Proxies, learning, deschooling society and annotation
Sipping a glass of wine on the terrace last night, I thought about writing an article about proxies. I’ve become a bit obsessed about proxies, ever since looking at the way Learning Analytics seems to so often equate learning with achievement in examinations.
But then by chance this morning I ended up looking at the text of Ivan Illich’s 1969 publication ‘Deschooling Society‘. And I found in the first chapter Illich talks about about how we “confuse teaching with learning, grade advancement with education, a diploma with competence, and fluency with the ability to say something new.
He goes on to say pupils’ “imagination is “schooled” to accept service in place of value. Medical treatment is mistaken for health care, social work for the improvement of community life, police protection for safety, military poise for national security, the rat race for productive work. Health, learning, dignity, independence, and creative endeavour are defined as little more than the performance of the institutions which claim to serve these ends, and their improvement is made to depend on allocating more resources to the management of hospitals, schools, and other agencies in question.”
This seems an apposite comment on how the use and analysis of big data is being developed in the present period.
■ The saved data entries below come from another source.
(* Let $n\ge2$ and let $V$ be the potential of the planar $n$-body problem with all masses equal. Let $c\in\mathbb{R}^{2n}$ be the regular $n$-gon configuration $c_i=\alpha\cos\frac{2\pi(i-1)}n$, $c_{i+n}=\alpha\sin\frac{2\pi(i-1)}n$ ($i=1,\dots,n$), with $\alpha>0$ chosen so that $c$ is a Darboux point with multiplier $-1$. Let $v\in\mathbb{R}^{2n}$ be given by $v_i=\cos\frac{4\pi(i-1)}n$, $v_{i+n}=\sin\frac{4\pi(i-1)}n$. Then $Wv=J^{-1}WJv=\lambda v$ with $$\lambda=2-\frac{2\sin(\pi/n)}{1-\cos(\pi/n)}\Big(\sum_{j=1}^{n-1}\frac1{\sin(\pi j/n)}\Big)^{-1}.$$
   Context: Positions $q\in\mathbb{C}^{2n}$, body $i$ at $(q_i,q_{i+n})$, masses $m_i=m>0$ for all $i$ and $m_{i+n}:=m_i$. $V(q)=\sum_{i<j}\frac{m_im_j}{\sqrt{(q_i-q_j)^2+(q_{i+n}-q_{j+n})^2}}$. Darboux point with multiplier $-1$: $\partial V/\partial q_k(c)=-m_kc_k$ for all $k$. $W_{k,l}=\frac1{m_k}\frac{\partial^2V}{\partial q_k\partial q_l}(c)$. $J=\begin{pmatrix}0&-I_n\\ I_n&0\end{pmatrix}$. *)

From Stdlib Require Import Reals Lra Lia.
Open Scope R_scope.

(* Configurations q : nat -> R, with 0-based indices 0..2n-1;
   body i (0 <= i < n) sits at (q i, q (i+n)). *)

Fixpoint rsum (n : nat) (f : nat -> R) : R :=
  match n with
  | O => 0
  | S k => rsum k f + f k
  end.

Definition dist2 (n : nat) (q : nat -> R) (i j : nat) : R :=
  sqrt ((q i - q j) ^ 2 + (q (i + n)%nat - q (j + n)%nat) ^ 2).

Definition Vpot (n : nat) (m : R) (q : nat -> R) : R :=
  rsum n (fun j => rsum j (fun i => m * m / dist2 n q i j)).
(* Let $f\colon X\to Y$ be a morphism in a pre-Hilbert $*$-category. The following are equivalent: (i) $f$ is strictly contractive; (ii) $f$ has a codilation $(S,s_1,s_2)$ that is a coproduct (i.e. $(S,s_1,s_2)$ is a coproduct of $X$ and $Y$); (iii) $\begin{bmatrix}1 & f^*\\ f & 1\end{bmatrix}\succ 0$ as an endomorphism of $X\oplus Y$. Furthermore, if these equivalent conditions hold, then any codilation $(S,s_1,s_2)$ of $f$ that is a coproduct is a codilator of $f$.
   Context: A $*$-category is a category with a choice of $f^*\colon Y\to X$ for each $f\colon X\to Y$ such that $1^*=1$, $(gf)^*=f^*g^*$, $(f^* )^*=f$; $f$ is an isometry if $f^*f=1$. A pre-Hilbert $*$-category is a $*$-category with (R1) a zero object, (R2) orthonormal biproducts of all pairs of objects (biproducts $(X,s_1,r_1,s_2,r_2)$ with $r_k=s_k^*$; matrices of morphisms between biproducts are taken with respect to these), (R3) an isometric kernel for every morphism, and (R4) every diagonal $\Delta\colon X\to X\oplus X$ a kernel of some morphism. Such a category is additive. For Hermitian endomorphisms $a,b$ of $A$, $a\leq b$ means $b-a=y^*y$ for some $y\colon A\to Y$; $a\prec b$ (equivalently $b\succ a$) means $a\leq b$ and $b-a$ is invertible. A morphism $f$ is strictly contractive if $f^*f\prec 1$. A codilation of $f\colon X\to Y$ is a cospan $(T,t_1,t_2)$ with $t_1\colon X\to T$, $t_2\colon Y\to T$ isometries and $t_2^*t_1=f$. A codilator of $f$ is a codilation $(S,s_1,s_2)$ such that for every codilation $(T,t_1,t_2)$ of $f$ there is a unique isometry $t\colon S\to T$ with $ts_1=t_1$ and $ts_2=t_2$. *)

Set Implicit Arguments.
Unset Strict Implicit.

Record StarCat := {
  ob : Type;
  hom : ob -> ob -> Type;
  comp : forall X Y Z : ob, hom Y Z -> hom X Y -> hom X Z;
  idm : forall X : ob, hom X X;
  comp_assoc : forall (X Y Z W : ob) (h : hom Z W) (g : hom Y Z) (f : hom X Y),
      comp (comp h g) f = comp h (comp g f);
  comp_id_l : forall (X Y : ob) (f : hom X Y), comp (idm Y) f = f;
  comp_id_r : forall (X Y : ob) (f : hom X Y), comp f (idm X) = f;
  star : forall X Y : ob, hom X Y -> hom Y X;
  star_id : forall X : ob, star (idm X) = idm X;
  star_comp : forall (X Y Z : ob) (g : hom Y Z) (f : hom X Y),
      star (comp g f) = comp (star f) (star g);
  star_invol : forall (X Y : ob) (f : hom X Y), star (star f) = f
}.

Arguments comp {s X Y Z} _ _.
Arguments idm {s} X.
Arguments star {s X Y} _.

Notation "g \o f" := (comp g f) (at level 40, left associativity).
Notation "f ^*" := (star f) (at level 2, format "f ^*").

Section Basic.
Variable C : StarCat.

Definition isometry {X Y : ob C} (f : hom X Y) : Prop := f^* \o f = idm X.

Definition invertible {X Y : ob C} (f : hom X Y) : Prop :=
  exists g : hom Y X, g \o f = idm X /\ f \o g = idm Y.

Definition is_coproduct {X Y S : ob C} (s1 : hom X S) (s2 : hom Y S) : Prop :=
  forall (Z : ob C) (g : hom X Z) (h : hom Y Z),
    exists u : hom S Z, (u \o s1 = g /\ u \o s2 = h) /\
      forall u' : hom S Z, u' \o s1 = g -> u' \o s2 = h -> u' = u.

Definition is_product {X Y S : ob C} (r1 : hom S X) (r2 : hom S Y) : Prop :=
  forall (Z : ob C) (g : hom Z X) (h : hom Z Y),
    exists u : hom Z S, (r1 \o u = g /\ r2 \o u = h) /\
      forall u' : hom Z S, r1 \o u' = g -> r2 \o u' = h -> u' = u.

Definition is_biproduct (z : forall A B : ob C, hom A B) {X Y S : ob C}
  (s1 : hom X S) (r1 : hom S X) (s2 : hom Y S) (r2 : hom S Y) : Prop :=
  is_coproduct s1 s2 /\ is_product r1 r2 /\
  r1 \o s1 = idm X /\ r2 \o s2 = idm Y /\ r1 \o s2 = z Y X /\ r2 \o s1 = z X Y.

Definition is_orthonormal_biproduct (z : forall A B : ob C, hom A B) {X Y S : ob C}
  (s1 : hom X S) (r1 : hom S X) (s2 : hom Y S) (r2 : hom S Y) : Prop :=
  is_biproduct z s1 r1 s2 r2 /\ r1 = s1^* /\ r2 = s2^*.

Definition is_kernel (z : forall A B : ob C, hom A B) {K X Y : ob C}
  (k : hom K X) (g : hom X Y) : Prop :=
  g \o k = z K Y /\
  forall (W : ob C) (h : hom W X), g \o h = z W Y ->
    exists u : hom W K, k \o u = h /\ forall u' : hom W K, k \o u' = h -> u' = u.

End Basic.

Record PreHilbert := {
  phC :> StarCat;
  zobj : ob phC;
  zin : forall X : ob phC, hom zobj X;
  zout : forall X : ob phC, hom X zobj;
  zin_uniq : forall (X : ob phC) (f g : hom zobj X), f = g;
  zout_uniq : forall (X : ob phC) (f g : hom X zobj), f = g;
  bp : ob phC -> ob phC -> ob phC;
  bs1 : forall X Y : ob phC, hom X (bp X Y);
  bs2 : forall X Y : ob phC, hom Y (bp X Y);
  bp_ok : forall X Y : ob phC,
      is_orthonormal_biproduct (fun A B => zin B \o zout A)
        (bs1 X Y) (bs1 X Y)^* (bs2 X Y) (bs2 X Y)^*;
  R3 : forall (X Y : ob phC) (g : hom X Y), exists (K : ob phC) (k : hom K X),
      isometry k /\ is_kernel (fun A B => zin B \o zout A) k g;
  R4 : forall (X : ob phC) (d : hom X (bp X X)),
      (bs1 X X)^* \o d = idm X -> (bs2 X X)^* \o d = idm X ->
      exists (Z : ob phC) (g : hom (bp X X) Z), is_kernel (fun A B => zin B \o zout A) d g
}.

Arguments zin {p} X.
Arguments zout {p} X.
Arguments bp {p} X Y.
Arguments bs1 {p} X Y.
Arguments bs2 {p} X Y.

Section PH.
Variable C : PreHilbert.

Definition zero (A B : ob C) : hom A B := zin B \o zout A.

(** [h] is the sum [f + g] in the (semi)additive structure induced by the
    biproducts: h = nabla o <f, g>, with <f,g> : X -> Y (+) Y and
    nabla : Y (+) Y -> Y the codiagonal. *)
Definition is_sum {X Y : ob C} (f g h : hom X Y) : Prop :=
  exists p : hom X (bp Y Y),
    (bs1 Y Y)^* \o p = f /\ (bs2 Y Y)^* \o p = g /\
    exists n : hom (bp Y Y) Y, n \o bs1 Y Y = idm Y /\ n \o bs2 Y Y = idm Y /\
      h = n \o p.

Definition hle {A : ob C} (a b : hom A A) : Prop :=
  exists (Y' : ob C) (y : hom A Y'), is_sum a (y^* \o y) b.

Definition hprec {A : ob C} (a b : hom A A) : Prop :=
  exists c : hom A A, is_sum a c b /\
    (exists (Y' : ob C) (y : hom A Y'), c = y^* \o y) /\ invertible c.

Definition strictly_contractive {X Y : ob C} (f : hom X Y) : Prop :=
  hprec (f^* \o f) (idm X).

Definition is_codilation {X Y : ob C} (f : hom X Y) (T : ob C)
  (t1 : hom X T) (t2 : hom Y T) : Prop :=
  isometry t1 /\ isometry t2 /\ t2^* \o t1 = f.

Definition is_codilator {X Y : ob C} (f : hom X Y) (S : ob C)
  (s1 : hom X S) (s2 : hom Y S) : Prop :=
  is_codilation f s1 s2 /\
  forall (T : ob C) (t1 : hom X T) (t2 : hom Y T), is_codilation f t1 t2 ->
    exists t : hom S T, (isometry t /\ t \o s1 = t1 /\ t \o s2 = t2) /\
      forall t' : hom S T, isometry t' -> t' \o s1 = t1 -> t' \o s2 = t2 -> t' = t.

Definition is_matrix2 {X Y : ob C} (m : hom (bp X Y) (bp X Y))
  (a : hom X X) (b : hom Y X) (c : hom X Y) (d : hom Y Y) : Prop :=
  (bs1 X Y)^* \o m \o bs1 X Y = a /\ (bs1 X Y)^* \o m \o bs2 X Y = b /\
  (bs2 X Y)^* \o m \o bs1 X Y = c /\ (bs2 X Y)^* \o m \o bs2 X Y = d.

End PH.

(* Biproducts make every hom-set a commutative monoid, and (R3), (R4) provide negatives, so
   morphisms out of and into [X (+) Y] are handled by 2x2 matrices.  For a codilation
   (S, s1, s2) of f, the Gram matrix [u^* u] of [u := [s1 s2] : X (+) Y -> S] is
   [[1, f^*], [f, 1]]; S is a coproduct iff [u] is invertible, and then [u^* u] is positive
   and invertible, hence so is its Schur complement [1 - f^* f].  Conversely, if
   [1 - f^* f = y^* y] is invertible, [y] corestricts to an isomorphism [d] onto its range J,
   and ([f; d], first injection) is a codilation into [Y (+) J] that is a coproduct.  All
   codilations of f share the same Gram matrix, so the comparison map out of a coproduct
   codilation is an isometry: it is a codilator. *)

From Stdlib Require Import ClassicalEpsilon.

Section PreHilbertTheory.
Variable C : PreHilbert.
Implicit Types A B D J K S T U V W X Y Z : ob C.

Lemma zero_comp {A B D} (h : hom A B) : zero B D \o h = zero A D.
Proof. unfold zero. rewrite comp_assoc. f_equal. apply zout_uniq. Qed.

Lemma comp_zero {A B D} (h : hom B D) : h \o zero A B = zero A D.
Proof. unfold zero. rewrite <- comp_assoc. f_equal. apply zin_uniq. Qed.

Lemma star_zero {A B} : (zero A B)^* = zero B A.
Proof. unfold zero. rewrite star_comp. f_equal; [apply zin_uniq | apply zout_uniq]. Qed.

Lemma bs1_isometry {A B} : (bs1 A B)^* \o bs1 A B = idm A.
Proof. destruct (bp_ok A B) as [[_ [_ [H _]]] _]. exact H. Qed.

Lemma bs2_isometry {A B} : (bs2 A B)^* \o bs2 A B = idm B.
Proof. destruct (bp_ok A B) as [[_ [_ [_ [H _]]]] _]. exact H. Qed.

Lemma bs1_orth {A B} : (bs1 A B)^* \o bs2 A B = zero B A.
Proof. destruct (bp_ok A B) as [[_ [_ [_ [_ [H _]]]]] _]. exact H. Qed.

Lemma bs2_orth {A B} : (bs2 A B)^* \o bs1 A B = zero A B.
Proof. destruct (bp_ok A B) as [[_ [_ [_ [_ [_ H]]]]] _]. exact H. Qed.

Lemma into_bp_ext {W A B} (h h' : hom W (bp A B)) :
  (bs1 A B)^* \o h = (bs1 A B)^* \o h' -> (bs2 A B)^* \o h = (bs2 A B)^* \o h' -> h = h'.
Proof.
  intros H1 H2. destruct (bp_ok A B) as [[_ [Hprod _]] _].
  destruct (Hprod W ((bs1 A B)^* \o h) ((bs2 A B)^* \o h)) as [u [_ Hu]].
  rewrite (Hu h) by reflexivity. symmetry. apply Hu; symmetry; assumption.
Qed.
Lemma composed_cost_le_certified D n : prefix_code D -> exists m, sq_cost n w C <= sq_cost m w D.
Proof.
  (* On the square of side k M, the slack mu 2^-M left by the Lagrangian bound is paid for by
     the codeword of (n, 0), which lies outside the square of side n. *)
  intros HD. set (M := (n + 1 + (c + 2 * k))%nat). exists (k * M)%nat.
  pose proof (composed_cost_grow n (k * M) ltac:(unfold M; nia)) as Hgrow.
  pose proof (composed_le_ns M) as Hns.
  pose proof (lagrange_bound D (k * M) HD) as Hlag. rewrite kraft_ns in Hlag.
  assert (Hmu : 0 <= mu) by (apply pow_le; pose proof r_ge_1; lra).
  assert (Hh : 0 <= (/2) ^ M <= 1) by (split; [apply pow_le|apply pow_le1]; lra).
  assert (Hsmall : mu * (/2) ^ M <= / 2 * (/2) ^ n).
  { unfold M. rewrite (pow_add (/2) (n + 1)), (pow_add (/2) n 1), pow_1.
    assert (mu <= 2 ^ (c + 2 * k)) by (apply pow_incr; pose proof r_ge_1; split; [lra|];
      unfold r; rewrite <- (Rinv_inv 2); apply Rinv_le_contravar; [lra|apply q_ge_half]).
    pose proof (pow2_half (c + 2 * k)). pose proof (pow_half_pos n).
    pose proof (pow_half_pos (c + 2 * k)).
    assert (mu * (/2) ^ (c + 2 * k) <= 1) by nra.
    replace (mu * ((/2) ^ n * / 2 * (/2) ^ (c + 2 * k)))
      with (mu * (/2) ^ (c + 2 * k) * (/ 2 * (/2) ^ n)) by ring.
    apply Rle_trans with (1 * (/ 2 * (/2) ^ n)); [apply Rmult_le_compat_r|]; lra. }
  assert (mu - 2 * (mu * (/2) ^ M) <= mu * (1 - (/2) ^ M) ^ 2)
    by (pose proof (Rmult_le_pos _ _ Hmu (pow2_ge_0 ((/2) ^ M))); nra).
  pose proof (pow_half_pos n). lra.
Qed.

End Certificate.

Lemma composed_cost_le D n : prefix_code D -> exists m, sq_cost n w C <= sq_cost m w D.
Proof.
  destruct (complete_feasible_lengths k hk) as [ls [c [Hkraft Hfeas]]].
  exact (composed_cost_le_certified ls c Hkraft Hfeas D n).
Qed.

End ComposedCode.

Lemma qk_pow_k k : (1 <= k)%nat -> qk k ^ k = / 2.
Proof.
  intros Hk. unfold qk. rewrite <- Rpower_pow, Rpower_mult by (unfold Rpower; apply exp_pos).
  replace (- / INR k * INR k) with (- (1)) by (field; apply not_0_INR; lia).
  rewrite Rpower_Ropp, Rpower_1; lra.
Qed.

Lemma sq_cost_tdgd n q C :
  sq_cost n (tdgd q) C = (1 - q) ^ 2 * sq_cost n (fun i j => q ^ (i + j)) C.
Proof.
  unfold sq_cost. fold (sq_sum n (fun i j => tdgd q i j * INR (length (C i j)))).
  fold (sq_sum n (fun i j => q ^ (i + j) * INR (length (C i j)))).
  rewrite <- sq_sum_scal. apply sq_sum_ext; intros. unfold tdgd. ring.
Qed.

Theorem theorem2 (k : nat) (hk : (1 <= k)%nat) (T : nat -> nat -> word)
  (HT : optimal_fin k (qk k) T) :
  optimal_tdgd (qk k)
    (fun i j => T (i mod k)%nat (j mod k)%nat ++ unary (i / k)%nat ++ unary (j / k)%nat).
Proof.
  change (optimal_tdgd (qk k) (composed_code k T)).
  assert (Hq : 0 < qk k) by (unfold qk, Rpower; apply exp_pos).
  split; [exact (composed_prefix_code k T hk (proj1 HT))|].
  intros D HD n.
  destruct (composed_cost_le k hk (qk k) Hq (qk_pow_k k hk) T HT D n HD) as [m Hm].
  exists m. rewrite !sq_cost_tdgd. apply Rmult_le_compat_l; [apply pow2_ge_0|exact Hm].
Qed.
I stumbled on the Illich quote from a Twitter link to an exercise on the CLMOOC lets be creative together website. They ask “What would Ivan Illich think about CLMOOC?” and go on to suggest “we find activities like this all the more enjoyable and enriching when a variety of voices join the conversation. So this is an open invitation to the internet to join us as we use Hypothes.is to annotate an online copy of Deschooling Society together.”
I have not seen Hypothes.is before but it looks pretty nifty. I have never understood just why collective annotation has never quite taken off. It seems to me a great format for sharing and developing knowledge together. And I think Illich would have liked it.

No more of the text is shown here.